Give again, exactly as written, each line of the material below starting at the line that contains "(forall c, c" and ending at the line that contains "have hornerP c". Both ends count, and no other line does.

------

(* Let $J\ge1$ and let $\boldsymbol\lambda_j^0=(\alpha_j^0,\sigma_j^0)$, $j=1,\dots,J$, with $\max_j|\alpha_j^0|<1$ and $\min_j\sigma_j^0>0$. For $\boldsymbol\lambda=(\alpha,\sigma)$ with $|\alpha|<1$ let $h(\boldsymbol\lambda,\theta)=\frac{\sigma^2}{|1-\alpha e^{i\theta}|^2}=\gamma_0(\boldsymbol\lambda)+2\sum_{\ell\ge1}\gamma_\ell(\boldsymbol\lambda)\cos(\ell\theta)$, $\gamma_\ell(\boldsymbol\lambda)=\sigma^2\alpha^\ell/(1-\alpha^2)$, be the spectral density of the univariate AR(1) process $x_t=\alpha x_{t-1}+\sigma z_t$ driven by unit-variance white noise. If $\alpha_1^0,\dots,\alpha_J^0$ are all distinct, then the $J\times J$ matrix $$\mathbf{G}(\boldsymbol\Lambda_J^0)=\frac{1}{2\pi}\int_0^{2\pi}\underline{\mathbf{h}}^0(\theta)(\underline{\mathbf{h}}^0(\theta))^T\,d\theta,\qquad\underline{\mathbf{h}}^0(\theta)=(h(\boldsymbol\lambda_j^0,\theta))_{j=1}^J,$$ is positive definite.
   Context: This concerns a $p$-dimensional AR(1) process $X_t=\mathbf{A}X_{t-1}+\Sigma^{1/2}Z_t$ with $\mathbf{A},\Sigma$ symmetric/Hermitian, $\|\mathbf{A}\|<1$, simultaneously diagonalized by a unitary $\mathbf{U}$ with $\mathbf{U}^*\mathbf{A}\mathbf{U}=\mathrm{diag}(\alpha_k)$, $\mathbf{U}^*\Sigma\mathbf{U}=\mathrm{diag}(\sigma_k^2)$, whose joint spectrum of $(\mathbf{A},\Sigma)$ is $\sum_{j=1}^J\omega_j\delta_{\boldsymbol\lambda_j^0}$; $h(\boldsymbol\lambda_j^0,\cdot)$ is then the spectral density of the $j$-th type of coordinate process. *)

From Stdlib Require Import Reals.
From Coquelicot Require Import Coquelicot.
From mathcomp Require Import all_boot all_algebra.
From mathcomp Require Import Rstruct.
Local Open Scope R_scope.

Set Implicit Arguments.
Unset Strict Implicit.
Unset Printing Implicit Defensive.

Definition expi (theta : R) : C := (cos theta, sin theta).

Definition h_ar1 (a s theta : R) : R :=
  (s ^ 2 / (Cmod (Cminus (RtoC 1) (Cmult (RtoC a) (expi theta)))) ^ 2).

Definition G_mat (J : nat) (alpha sigma : 'I_J -> R) : 'M[R]_J :=
  \matrix_(j < J, k < J)
    (/ (2 * PI) * RInt (fun theta => h_ar1 (alpha j) (sigma j) theta
                                    * h_ar1 (alpha k) (sigma k) theta)
                       0 (2 * PI)).

Definition pos_def (J : nat) (M : 'M[R]_J) : Prop :=
  (forall j k, M j k = M k j) /\
  (forall x : 'cV[R]_J, x <> const_mx 0 -> 0 < (mulmx (mulmx (trmx x) M) x) ord0 ord0).

From Stdlib Require Import Reals Lra Psatz Classical.
From Coquelicot Require Import Coquelicot.
From mathcomp Require Import all_boot all_algebra.
From mathcomp Require Import Rstruct.
Import GRing.Theory Num.Theory.

(* The quadratic form of G at x is (1/2pi) times the integral of F^2, where
   F = sum_j x_j h(lambda_j, .) is continuous, so it is positive unless F
   vanishes on (0, 2pi).  With c = cos theta, F = sum_j x_j sigma_j^2 / D_j(c)
   for the linear polynomials D_j(c) = 1 + alpha_j^2 - 2 alpha_j c.  Clearing
   denominators, sum_j x_j sigma_j^2 prod_(k <> j) D_k has degree < J but
   vanishes on (-1, 1), so it is zero.  At the root (1 + alpha_j^2)/(2 alpha_j)
   of D_j no other D_k vanishes, because the alpha's are distinct and
   |alpha_j alpha_k| < 1; this forces x_j = 0 whenever alpha_j <> 0, and then
   the single remaining coefficient (alpha_j = 0) vanishes too. *)

Section PartialFractions.
Local Open Scope ring_scope.

Lemma size_prod_linear_leq (F : nzRingType) (I : Type) (r : seq I) (P : pred I)
    (p : I -> {poly F}) :
  (forall i, size (p i) <= 2)%N -> (size (\prod_(i <- r | P i) p i)%R <= (count P r).+1)%N.
Proof.
move=> size_p; elim: r => [|i r IH]; first by rewrite big_nil size_poly1.
rewrite big_cons /=; case: (P i) => //=.
apply: leq_trans (size_polyMleq _ _) _.
by rewrite -subn1 leq_subLR (leq_trans (leq_add (size_p i) IH)) // add1n.
Qed.

Lemma partial_fraction_coef_eq0 (F : fieldType) (n : nat) (D : 'I_n -> {poly F})
    (y : 'I_n -> F) (s : seq F) (j : 'I_n) (r : F) :
  (forall k, size (D k) <= 2)%N -> uniq s -> (n < size s)%N ->
  (forall c k, c \in s -> (D k).[c] != 0) ->
  (forall c, c \in s -> \sum_k y k / (D k).[c] = 0) ->
  root (D j) r -> (forall k, k != j -> (D k).[r] != 0) ->
  y j = 0.
Proof.
move=> size_D uniq_s size_s D_s sum_s Dj_r Dk_r.
pose P := \sum_i y i *: \prod_(k | k != i) D k.
have hornerP c : P.[c] = \sum_i y i * \prod_(k | k != i) (D k).[c].
  by rewrite horner_sum; apply: eq_bigr => i _; rewrite hornerZ horner_prod.
have P_eq0 : P = 0.
  apply: roots_geq_poly_eq0 uniq_s _.
    apply/allP => c cs; rewrite /root hornerP.
    have := sum_s c cs => /(congr1 ( *%R (\prod_k (D k).[c]))).
    rewrite mulr0 mulr_sumr => scaled_sum.
    rewrite -[X in _ == X]scaled_sum; apply/eqP; apply: eq_bigr => i _.
    rewrite [in RHS](bigD1 i) //=.
    have := D_s c i cs; set u := (D i).[c] => u_neq0.
    by rewrite [RHS]mulrC mulrA divfK.
  apply: leq_trans (size_sum _ _ _) _; apply/bigmax_leqP => i _.
  apply: leq_trans (size_scale_leq _ _) _.
  apply: leq_trans (size_prod_linear_leq _ _ _ _ _ size_D) _.
  apply: leq_trans size_s; rewrite ltnS (leq_trans (count_size _ _)) //.
  by rewrite -[index_enum _]enumT -cardT card_ord.
have := hornerP r; rewrite P_eq0 horner0 => /esym.
rewrite (bigD1 j) //= [X in _ + X]big1 => [/eqP|i ij]; last first.
  by rewrite (bigD1 j) 1?eq_sym //= (rootP Dj_r) mul0r mulr0.
by rewrite addr0 mulf_eq0 (negbTE (introT (prodf_neq0 _ _) Dk_r)) orbF => /eqP.
Qed.

End PartialFractions.

Local Open Scope R_scope.

Lemma RInt_gt_0_at (g : R -> R) (a b t0 : R) :
  a < t0 < b -> (forall t, continuous g t) -> (forall t, 0 <= g t) -> 0 < g t0 ->
  0 < RInt g a b.
Proof.
move=> t0_in g_cont g_ge0 g_t0.
have [d near_t0] : locally t0 (fun t => Rabs (g t - g t0) < g t0).
  apply: (proj1 (continuity_pt_locally g t0)) (mkposreal _ g_t0).
  exact: (proj2 (continuity_pt_filterlim g t0) (g_cont t0)).
have d_gt0 := cond_pos d.
pose e := Rmin (d / 2) (Rmin (t0 - a) (b - t0)).
have e_gt0 : 0 < e by apply: Rmin_glb_lt; [|apply: Rmin_glb_lt]; lra.
have e_d : e <= d / 2 := Rmin_l _ _.
have e_a : e <= t0 - a := Rle_trans _ _ _ (Rmin_r _ _) (Rmin_l _ _).
have e_b : e <= b - t0 := Rle_trans _ _ _ (Rmin_r _ _) (Rmin_r _ _).
have g_int u v : ex_RInt g u v.
  by apply: (@ex_RInt_continuous R_CompleteNormedModule) => t _; apply: g_cont.
rewrite -(RInt_Chasles g a (t0 - e) b) // -(RInt_Chasles g (t0 - e) (t0 + e) b) //.
have left_ge0 : 0 <= RInt g a (t0 - e) by apply: RInt_ge_0 => //; lra.
have right_ge0 : 0 <= RInt g (t0 + e) b by apply: RInt_ge_0 => //; lra.
suff : 0 < RInt g (t0 - e) (t0 + e) by rewrite /plus /=; lra.
apply: RInt_gt_0 => [|t t_in|t _]; [lra| |exact: g_cont].
have : Rabs (g t - g t0) < g t0.
  apply: near_t0; change (Rabs (t - t0) < d); apply: Rabs_def1; lra.
by move/Rabs_def2; lra.
Qed.

Lemma is_RInt_sum (I : Type) (r : seq I) (f : I -> R -> R) (v : I -> R) (a b : R) :
  (forall i, is_RInt (f i) a b (v i)) ->
  is_RInt (fun t => \sum_(i <- r) f i t)%R a b (\sum_(i <- r) v i)%R.
Proof.
move=> f_int; elim: r => [|i r IH].
  apply: (is_RInt_ext (fun _ => 0)) => [t _|]; first by rewrite big_nil.
  by rewrite big_nil; have := is_RInt_const a b 0; rewrite /scal /= /mult /= Rmult_0_r.
apply: (is_RInt_ext (fun t => plus (f i t) (\sum_(j <- r) f j t)%R)) => [t _|].
  by rewrite big_cons.
by rewrite big_cons; apply: is_RInt_plus.
Qed.

Lemma continuous_sum (I : Type) (r : seq I) (f : I -> R -> R) (t : R) :
  (forall i, continuous (f i) t) -> continuous (fun u => \sum_(i <- r) f i u)%R t.
Proof.
move=> f_cont; elim: r => [|i r IH].
  by apply: (continuous_ext (fun _ => 0)) => [u|]; [rewrite big_nil | apply: continuous_const].
apply: (continuous_ext (fun u => plus (f i u) (\sum_(j <- r) f j u)%R)) => [u|].
  by rewrite big_cons.
exact: (continuous_plus (K := R_AbsRing)).
Qed.

Lemma RInt_sqr_sum (n : nat) (f : 'I_n -> R -> R) (x : 'I_n -> R) (a b : R) :
  (forall i t, continuous (f i) t) ->
  RInt (fun t => Rsqr (\sum_i x i * f i t)%R) a b
  = (\sum_i \sum_k x i * x k * RInt (fun t => f i t * f k t) a b)%R.
Proof.
move=> f_cont; apply: is_RInt_unique.
apply: (is_RInt_ext (fun t => \sum_i \sum_k x i * x k * (f i t * f k t))%R) => [t _|].
  rewrite /Rsqr RmultE mulr_suml; apply: eq_bigr => i _.
  rewrite mulr_sumr; apply: eq_bigr => k _.
  by rewrite mulrACA.
apply: is_RInt_sum => i; apply: is_RInt_sum => k.
apply: (is_RInt_scal _ _ _ (x i * x k)%R); apply: (@RInt_correct R_CompleteNormedModule).
apply: (@ex_RInt_continuous R_CompleteNormedModule) => t _.
exact: (continuous_mult (K := R_AbsRing)).
Qed.

Definition ar1_den (a c : R) : R := 1 + a ^ 2 - 2 * a * c.

Lemma ar1_den_gt0 a c : Rabs a < 1 -> -1 <= c <= 1 -> 0 < ar1_den a c.
Proof.
rewrite /ar1_den => a_lt1 c_bound.
have [a_ge0|a_lt0] := Rle_lt_dec 0 a.
- by rewrite Rabs_pos_eq in a_lt1; nra.
- by rewrite Rabs_left in a_lt1; nra.
Qed.

Lemma h_ar1E a s t : h_ar1 a s t = s ^ 2 / ar1_den a (cos t).
Proof.
rewrite /h_ar1 /Cmod /expi /ar1_den /=.
rewrite !Rmult_1_r sqrt_sqrt; last by apply: Rplus_le_le_0_compat; apply: Rle_0_sqr.
by congr (_ / _); have := sin2_cos2 t; rewrite /Rsqr; nra.
Qed.

Lemma continuous_h_ar1 a s t : Rabs a < 1 -> continuous (h_ar1 a s) t.
Proof.
move=> a_lt1.
apply: (continuous_ext (fun t => s ^ 2 / ar1_den a (cos t))) => [u|].
  by rewrite h_ar1E.
apply: (@ex_derive_continuous R_AbsRing R_NormedModule); rewrite /ar1_den; auto_derive.
by have := ar1_den_gt0 a (cos t) a_lt1 (COS_bound t); rewrite /ar1_den; lra.
Qed.

Lemma G_mat_quad_form (J : nat) (alpha sigma : 'I_J -> R) (x : 'cV[R]_J) :
  (forall j, Rabs (alpha j) < 1) ->
  (x^T *m G_mat alpha sigma *m x)%R ord0 ord0
  = / (2 * PI) * RInt (fun t => Rsqr (\sum_j x j ord0 * h_ar1 (alpha j) (sigma j) t)%R) 0 (2 * PI).
Proof.
move=> alpha_lt1; rewrite RInt_sqr_sum => [|j t]; last exact: continuous_h_ar1.
rewrite !mxE; under eq_bigr do rewrite !mxE mulr_suml.
rewrite exchange_big RmultE mulr_sumr; apply: eq_bigr => j _.
rewrite mulr_sumr; apply: eq_bigr => k _.
by rewrite !mxE mulrAC mulrCA.
Qed.

Definition ar1_den_poly (a : R) : {poly R} :=
  ((- (2 * a))%:P * 'X + (1 + a ^+ 2)%:P)%R.

Lemma horner_ar1_den_poly a c : (ar1_den_poly a).[c]%R = ar1_den a c.
Proof. by rewrite /ar1_den_poly hornerMXaddC hornerC /ar1_den !RealsE mulNr addrC. Qed.

Lemma size_ar1_den_poly a : (size (ar1_den_poly a) <= 2)%N.
Proof. by rewrite size_MXaddC; case: ifP => // _; apply: size_polyC_leq1. Qed.

Definition ar1_pole (a : R) : R := (1 + a ^ 2) / (2 * a).

Lemma ar1_den_at_pole a b : a <> 0 -> ar1_den b (ar1_pole a) = (a - b) * (1 - a * b) / a.
Proof. by move=> a_neq0; rewrite /ar1_den /ar1_pole; field. Qed.

Lemma inv_INR_SS_bounds i : 0 < / INR i.+2 < 1.
Proof.
have INR_gt1 : 1 < INR i.+2 by rewrite !S_INR; have := pos_INR i; lra.
split; first by apply: Rinv_0_lt_compat; lra.
by rewrite -Rinv_1; apply: Rinv_1_lt_contravar; lra.
Qed.

Lemma ar1_den_inv_independent (J : nat) (alpha y : 'I_J -> R) :
  injective alpha -> (forall j, Rabs (alpha j) < 1) ->
  (forall c, -1 < c < 1 -> (\sum_j y j / ar1_den (alpha j) c)%R = 0) ->
  forall j, y j = 0.
Proof.
move=> alpha_inj alpha_lt1 sum_eq0.
have den_neq0 k c : -1 < c < 1 -> ar1_den (alpha k) c <> 0.
  by move=> c_in; apply: Rgt_not_eq; apply: ar1_den_gt0 => //; lra.
pose s := mkseq (fun i => / INR i.+2) J.+1.
have s_in c : c \in s -> -1 < c < 1.
  by case/mapP => i _ ->; have := inv_INR_SS_bounds i; lra.
have uniq_s : uniq s.
  by apply: mkseq_uniq => i k /Rinv_eq_reg /INR_eq [].
have coef_eq0 j : alpha j <> 0 -> y j = 0.
  move=> alpha_j_neq0.
  apply: (@partial_fraction_coef_eq0 _ _ (fun k => ar1_den_poly (alpha k)) y s j
            (ar1_pole (alpha j))).
  - by move=> k; apply: size_ar1_den_poly.
  - exact: uniq_s.
  - by rewrite size_mkseq.
  - by move=> c k cs; rewrite horner_ar1_den_poly; apply/eqP/den_neq0/s_in.
  - by move=> c cs; under eq_bigr do rewrite horner_ar1_den_poly; apply/sum_eq0/s_in.
  - by apply/eqP; rewrite horner_ar1_den_poly ar1_den_at_pole // Rminus_diag_eq // /Rdiv !Rmult_0_l.
  move=> k kj; apply/eqP; rewrite horner_ar1_den_poly ar1_den_at_pole //.
  have alpha_jk : alpha j <> alpha k by move/alpha_inj => jk; move: kj; rewrite jk eqxx.
  have alpha_jk_ne1 : 1 <> alpha j * alpha k.
    move=> e; have := Rabs_mult (alpha j) (alpha k); rewrite -e Rabs_R1.
    have := alpha_lt1 j; have := alpha_lt1 k.
    by have := Rabs_pos (alpha j); have := Rabs_pos (alpha k); nra.
  apply: Rmult_integral_contrapositive_currified; last exact: Rinv_neq_0_compat.
  by apply: Rmult_integral_contrapositive_currified; apply: Rminus_eq_contra.
move=> j; have [alpha_j0|] := Req_dec (alpha j) 0; last exact: coef_eq0.
have zero_in : -1 < 0 < 1 by lra.
have := sum_eq0 0 zero_in; rewrite (bigD1 j) //= big1 => [|k kj].
  have -> : ar1_den (alpha j) 0 = 1 by rewrite alpha_j0 /ar1_den; ring.
  by rewrite addr0 divr1.
rewrite coef_eq0 ?mul0r // => alpha_k0.
by move: kj; rewrite (alpha_inj k j) ?eqxx // alpha_k0 alpha_j0.
Qed.

Theorem proposition3 (J : nat) (alpha sigma : 'I_J -> R) :
  (1 <= J)%nat ->
  (forall j, (Rabs (alpha j) < 1)) ->
  (forall j, (0 < sigma j)) ->
  injective alpha ->
  pos_def (G_mat alpha sigma).
Proof.
move=> _ alpha_lt1 sigma_gt0 alpha_inj; split.
  by move=> j k; rewrite !mxE; congr (_ * _); apply: RInt_ext => t _; apply: Rmult_comm.
move=> x x_neq0; rewrite G_mat_quad_form //.
pose F t := (\sum_j x j ord0 * h_ar1 (alpha j) (sigma j) t)%R.
have F_cont t : continuous F t.
  apply: continuous_sum => j; apply: (continuous_mult (K := R_AbsRing)).
    exact: continuous_const.
  exact: continuous_h_ar1.
have PI_gt0 := PI_RGT_0.
apply: Rmult_lt_0_compat; first by apply: Rinv_0_lt_compat; lra.
have [[t t_in Ft_neq0] | F_eq0] := classic (exists2 t, 0 < t < 2 * PI & F t <> 0).
  apply: (RInt_gt_0_at _ _ _ t) => // [u|u|]; last exact: Rsqr_pos_lt.
    exact: (continuous_mult (K := R_AbsRing)).
  exact: Rle_0_sqr.
exfalso; apply: x_neq0; apply/matrixP => i l; rewrite (ord1 l) !mxE.
suff /(_ i) : forall j, x j ord0 * sigma j ^ 2 = 0.
  by case/Rmult_integral => // /pow_nonzero; have := sigma_gt0 i; lra.
apply: ar1_den_inv_independent alpha_inj alpha_lt1 _ => c c_in.
have acos_in : 0 < acos c < 2 * PI by have := acos_bound_lt c c_in; lra.
transitivity (F (acos c)); last by apply: NNPP => Fc_neq0; apply: F_eq0; exists (acos c).
apply: eq_bigr => j _; rewrite h_ar1E cos_acos; last lra.
by rewrite RdivE mulrA.
Qed.
Lemma weights_E i j :
  [/\ mul (mul (U i) (U j)) E = - mul (U i) (V j),
      mul (mul (U i) (V j)) E = - ((2%:R : F)^-1 *: mul (V i) (V j)) &
      mul (mul (V i) (V j)) E = 0].
Proof.
split.
- by rewrite (prodN_mulE (U_J i) (U_J j) (UU_in_N i j)) !U_E -(uv_vu i j); acfield.
- by rewrite (prodN_mulE (U_J i) (V_J j) (UV_in_N i j)) U_E V_E; acfield.
- by rewrite (prodN_mulE (V_J i) (V_J j) (VV_in_N i j)) !V_E; acfield.
Qed.
Lemma weights_F i j :
  [/\ mul (mul (U i) (U j)) Fe = 0,
      mul (mul (U i) (V j)) Fe = (2%:R : F)^-1 *: mul (U i) (U j) &
      mul (mul (V i) (V j)) Fe = mul (U i) (V j)].
Proof.
split.
- by rewrite (prodN_mulF (U_J i) (U_J j) (UU_in_N i j)) !U_F; acfield.
- by rewrite (prodN_mulF (U_J i) (V_J j) (UV_in_N i j)) U_F V_F; acfield.
- by rewrite (prodN_mulF (V_J i) (V_J j) (VV_in_N i j)) !V_F prodNl prodNr -(uv_vu i j);
    acfield.
Qed.
Lemma weights_H i j :
  [/\ mul (mul (U i) (U j)) H = - mul (U i) (U j),
      mul (mul (U i) (V j)) H = 0 &
      mul (mul (V i) (V j)) H = mul (V i) (V j)].
Proof.
split.
- by rewrite (prodN_mulH (U_J i) (U_J j) (UU_in_N i j)) !U_H; acfield.
- by rewrite (prodN_mulH (U_J i) (V_J j) (UV_in_N i j)) U_H V_H; acfield.
- by rewrite (prodN_mulH (V_J i) (V_J j) (VV_in_N i j)) !V_H; acfield.
Qed.

(* V_{2i} V_{2i} = 0: by uv_vu and anticommutativity 2 u_i v_i = 0. *)
Lemma square_zero i x y : in_span2 (U i) (V i) x -> in_span2 (U i) (V i) y -> mul x y = 0.
Proof.
move=> [a [b ->]] [c [d ->]].
have h2 : (2%:R : F) *: mul (U i) (V i) = 0.
  by apply: (add_relation (uv_vu i i) (-1)); acfield.
move/eqP: h2; rewrite scaler_eq0 (negbTE two) /= => /eqP uv0.
by apply: (add_relation uv0 (- (a * d - b * c))); acfield.
Qed.
End Sl2Modules.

------

_Output for this task_
  (forall c, c \in s -> \sum_k y k / (D k).[c] = 0) ->
  root (D j) r -> (forall k, k != j -> (D k).[r] != 0) ->
  y j = 0.
Proof.
move=> size_D uniq_s size_s D_s sum_s Dj_r Dk_r.
pose P := \sum_i y i *: \prod_(k | k != i) D k.
have hornerP c : P.[c] = \sum_i y i * \prod_(k | k != i) (D k).[c].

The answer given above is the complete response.